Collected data
BEGIN

Lemma cost_move_single_inedge (T : FQSTdata) (x y : nat) (X : point) :
  is_FQST n T -> is_steiner n T y -> (x < sinkv n T)%nat -> par T x = y ->
  (forall k, (k < sinkv n T)%nat -> k <> x -> par T k <> y) ->
  cost (move_steiner T y X) = cost T
    + flow T x * (dist2 (loc T x) X - dist2 (loc T x) (loc T y))
    + flow T y * (dist2 X (loc T (par T y)) - dist2 (loc T y) (loc T (par T y))).
Proof.
  intros HF Hy Hx Hxy Honly. pose proof Hy as [Hy1 Hy2].
  assert (Hpy : par T y <> y) by (apply par_ne_self; assumption).
  assert (Hxy' : x <> y) by (intros ->; exact (Hpy Hxy)).
  unfold Defs.cost; change (sinkv n (move_steiner T y X)) with (sinkv n T).
  apply (sumR_two_deltas _ _ _ x y); [| apply seq_NoDup | apply in_seq; lia | apply in_seq; lia].
  intros k Hk; apply in_seq in Hk. rewrite !loc_move_steiner by assumption.
  cbn [par flow move_steiner].
  destruct (Nat.eqb_spec k x) as [->|Hkx]; [rewrite Hxy|]; case_eqb; try subst k; try congruence; try ring.
  exfalso; apply (Honly k); [lia | assumption..].
Qed.

Lemma cost_move_quadratic (T : FQSTdata) (s : nat) (W : point) :
  is_FQST n T -> is_steiner n T s ->
  exists a b, 0 <= b /\ forall t,
    cost (move_steiner T s (lerp (loc T s) W t)) = cost T + t * a + t ^ 2 * b.
Proof.
  intros HF Hs. pose proof HF as (_ & _ & Hflow & _).
  set (ux := fst W - fst (loc T s)); set (uy := snd W - snd (loc T s)).
  set (e := fun k => (if k =? s then 1 else 0) - (if par T k =? s then 1 else 0)).
  exists (sumR (fun k => flow T k * (2 * e k *
            ((fst (loc T k) - fst (loc T (par T k))) * ux
             + (snd (loc T k) - snd (loc T (par T k))) * uy))) (seq 0 (sinkv n T))).
  exists (sumR (fun k => flow T k * (e k ^ 2 * (ux ^ 2 + uy ^ 2))) (seq 0 (sinkv n T))).
  split.
  - apply sumR_nonneg; intros k Hk; apply in_seq in Hk.
    pose proof (Hflow k ltac:(lia)); pose proof (pow2_ge_0 (e k));
      pose proof (pow2_ge_0 ux); pose proof (pow2_ge_0 uy).
    apply Rmult_le_pos; [lra | apply Rmult_le_pos; lra].
  - intros t. unfold Defs.cost; change (sinkv n (move_steiner T s ?X)) with (sinkv n T).
    rewrite <- !sumR_scal, <- !sumR_plus. apply sumR_ext; intros k _.
    rewrite !loc_move_steiner by assumption. cbn [par flow move_steiner].
    unfold e, ux, uy, lerp, dist2.
    destruct (Nat.eqb_spec k s) as [Hk|_], (Nat.eqb_spec (par T k) s) as [Hpk|_];
      try rewrite Hpk; try rewrite Hk; simpl; ring.
Qed.

Definition optimal (T : FQSTdata) : Prop :=
  forall T', is_FQST n T' -> feasible st n T' ->
    objective st n Z zBS T <= objective st n Z zBS T'.

Lemma optimal_cost_le (T T' : FQSTdata) :
  optimal T -> is_FQST n T' -> feasible st n T' -> nsteiner T' = nsteiner T ->
  cost T <= cost T'.
Proof.
  intros Hopt HF Hf Hs. specialize (Hopt T' HF Hf).
  destruct st; simpl in Hopt; [exact Hopt | exact Hopt | rewrite Hs in Hopt; lra].
Qed.

Section Optimal.
Variable T : FQSTdata.
Hypotheses (HF : is_FQST n T) (Hfeas : feasible st n T) (Hopt : optimal T).

(** Consecutive edges [x -> v -> par v] of an optimal tree meet at a non-acute
    angle: otherwise shortcutting [x] to [par v] (or, if [v] is a Steiner point
    fed only by [x], moving [v] onto [x]) is cheaper. *)
Lemma consecutive_edges_bound (x v : nat) :
  (x < sinkv n T)%nat -> par T x = v -> (v < sinkv n T)%nat -> degree_slack T v ->
  dist2 (loc T x) (loc T v) + dist2 (loc T v) (loc T (par T v))
    <= dist2 (loc T x) (loc T (par T v)).
Proof.
  intros Hx Hxv Hv Hslack. apply Rnot_lt_le; intros Hgain.
  pose proof HF as (_ & _ & Hflow & Hsrc & Hsteiner & _).
  pose proof (Hflow x Hx) as Hfx.
  assert (Hin : flow T x <= inflow n T v) by (rewrite <- Hxv; apply flow_le_inflow; assumption).
  assert (Hcases : flow T x < flow T v \/ (is_steiner n T v /\ inflow n T v = flow T x)).
  { destruct (Nat.ltb_spec v n) as [Hvn|Hvn].
    - left; pose proof (Hsrc v Hvn); lra.
    - assert (Hs : is_steiner n T v) by (split; lia). pose proof (Hsteiner v Hs).
      destruct (Rle_lt_or_eq_dec _ _ Hin); [left; lra | right; split; auto]. }
  assert (Hxv' : x <> v) by (intros ->; exact (par_ne_self T v HF Hv Hxv)).
  destruct Hcases as [Hlt | [Hs Hsingle]].
  - assert (Hle : cost T <= cost (redirect T x (par T v) v (- flow T x))).
    { apply optimal_cost_le; [exact Hopt | apply shortcut_FQST; assumption | | reflexivity].
      apply redirect_feasible; [assumption | assumption | | rewrite Hxv; assumption].
      rewrite Hxv; apply par_ne_self; assumption. }
    rewrite cost_redirect, Hxv in Hle by assumption. nra.
  - assert (Hle := optimal_cost_le T (move_steiner T v (loc T x)) Hopt HF Hfeas eq_refl).
    rewrite (cost_move_single_inedge T x v) in Hle by
      (try assumption; intros k Hk Hkx; rewrite <- Hxv; apply unique_inedge; congruence).
    rewrite dist2_self, (Hsteiner v Hs), Hsingle in Hle. nra.
Qed.

Lemma sibling_edges_bound (x z : nat) :
  (x < sinkv n T)%nat -> (z < sinkv n T)%nat -> x <> z -> par T z = par T x ->
  degree_slack T (par T x) ->
  dist2 (loc T x) (loc T (par T x))
    <= dist2 (loc T x) (loc T z) + dist2 (loc T z) (loc T (par T x)).
Proof.
  intros Hx Hz Hxz Hsib Hslack.
  pose proof HF as (_ & _ & Hflow & _). pose proof (Hflow x Hx) as Hfx.
  assert (Hle : cost T <= cost (redirect T x z z (flow T x))).
  { apply optimal_cost_le; [exact Hopt | apply sibling_FQST; assumption | | reflexivity].
    apply redirect_feasible; try assumption.
    intros E; rewrite <- E in Hsib; exact (par_ne_self T z HF Hz Hsib). }
  rewrite cost_redirect, Hsib in Hle by assumption.
  apply (Rmult_le_reg_l (flow T x)); [exact Hfx | nra].
Qed.

(** Moving [s] towards [v]
    by [t] changes the cost by [t a + t^2 b]; moving it and routing [o] through
    [s] changes it by [t (a - 2 f D) + t^2 (b + 2 f D)] with [f D > 0] when
    [s] is away from [v].  Optimality makes both linear coefficients vanish. *)
Lemma coincident_siblings (o s : nat) :
  (o < sinkv n T)%nat -> is_steiner n T s -> o <> s -> par T o = par T s ->
  loc T o = loc T s -> degree_slack T (par T s) ->
  loc T s = loc T (par T s).
Proof.
  intros Ho Hs Hos Hsib Hpos Hslack. pose proof Hs as [_ Hs2].
  apply NNPP; intros Hne.
  set (v := par T s) in *; set (P := loc T s) in *; set (V := loc T v) in *.
  assert (Hvs : v <> s) by exact (par_ne_self T s HF Hs2).
  pose proof (dist2_pos P V Hne) as HD.
  pose proof HF as (_ & _ & Hflow & _).
  assert (HfD : 0 < flow T o * dist2 P V) by (apply Rmult_lt_0_compat; [apply Hflow, Ho | exact HD]).
  destruct (cost_move_quadratic T s V HF Hs) as (a & b & Hb & Hquad).
  assert (Ha : a = 0).
  { apply (quad_zero a b); [intros t | exact Hb].
    pose proof (optimal_cost_le T (move_steiner T s (lerp P V t)) Hopt HF Hfeas eq_refl) as Hle.
    rewrite Hquad in Hle; lra. }
  assert (Hcombined : a - 2 * flow T o * dist2 P V = 0).
  { apply (quad_zero _ (b + 2 * flow T o * dist2 P V)); [intros t | lra].
    set (Tt := move_steiner T s (lerp P V t)).
    assert (Hle : cost T <= cost (redirect Tt o s s (flow T o))).
    { apply optimal_cost_le; [exact Hopt | | | reflexivity].
      - apply (sibling_FQST Tt); [exact HF | exact Ho | exact Hs2 | exact Hos | symmetry; exact Hsib].
      - apply (redirect_feasible Tt); [exact Hfeas | exact Ho | |].
        + change (s <> par T o); rewrite Hsib; exact (not_eq_sym Hvs).
        + change (degree_slack T (par T o)); rewrite Hsib; exact Hslack. }
    unfold Tt in Hle.
    rewrite cost_redirect, Hquad, !loc_move_steiner in Hle by (assumption || lia).
    cbn [par flow move_steiner] in Hle. rewrite Hsib in Hle. change (par T s) with v in Hle.
    rewrite Nat.eqb_refl in Hle.
    destruct (Nat.eqb_spec o s), (Nat.eqb_spec v s); try contradiction.
    rewrite Hpos, dist2_lerp_start, dist2_lerp_end in Hle. fold V in Hle. nra. }
  lra.
Qed.

Lemma overlapping_siblings (i j : nat) :
  (forall a b, (a < n)%nat -> (b < n)%nat -> Z a = Z b -> a = b) ->
  (forall k, (k < sinkv n T)%nat -> loc T k <> loc T (par T k)) ->
  (i < sinkv n T)%nat -> (j < sinkv n T)%nat -> i <> j -> par T i = par T j ->
  degree_slack T (par T i) -> on_seg (loc T i) (loc T j) (loc T (par T i)) -> False.
Proof.
  intros Zinj Hne Hi Hj Hij Hsib Hslack Hon.
  destruct (classic (loc T i = loc T j)) as [Hsame|Hdiff].
  - (* coinciding tails: one of them is a Steiner point, which would sit on v *)
    destruct (Nat.lt_ge_cases i n) as [Hin|Hin]; [destruct (Nat.lt_ge_cases j n) as [Hjn|Hjn]|].
    + apply Hij, Zinj; try assumption.
      unfold Defs.pos in Hsame.
      destruct (Nat.ltb_spec i n), (Nat.ltb_spec j n); [exact Hsame | lia..].
    + apply (Hne j Hj), (coincident_siblings i j);
        [exact Hi | split; lia | exact Hij | exact Hsib | exact Hsame | rewrite <- Hsib; exact Hslack].
    + apply (Hne i Hi), (coincident_siblings j i);
        [exact Hj | split; lia | exact (not_eq_sym Hij) | exact (eq_sym Hsib)
        | exact (eq_sym Hsame) | exact Hslack].
  - (* distinct tails: rerouting j through i is strictly cheaper *)
    pose proof (on_seg_interior _ _ _ Hon Hdiff (Hne i Hi)) as Hstrict.
    pose proof (sibling_edges_bound j i Hj Hi (not_eq_sym Hij) Hsib) as Hbound.
    rewrite <- Hsib in Hbound. specialize (Hbound Hslack). lra.
Qed.

End Optimal.
End LocalModifications.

END

* Task item *
What you return should be the lines from the start of the data through the line with "x) (loc T y))", quoted exactly and nothing more.

* Answer to this problem *
Lemma cost_move_single_inedge (T : FQSTdata) (x y : nat) (X : point) :
  is_FQST n T -> is_steiner n T y -> (x < sinkv n T)%nat -> par T x = y ->
  (forall k, (k < sinkv n T)%nat -> k <> x -> par T k <> y) ->
  cost (move_steiner T y X) = cost T
    + flow T x * (dist2 (loc T x) X - dist2 (loc T x) (loc T y))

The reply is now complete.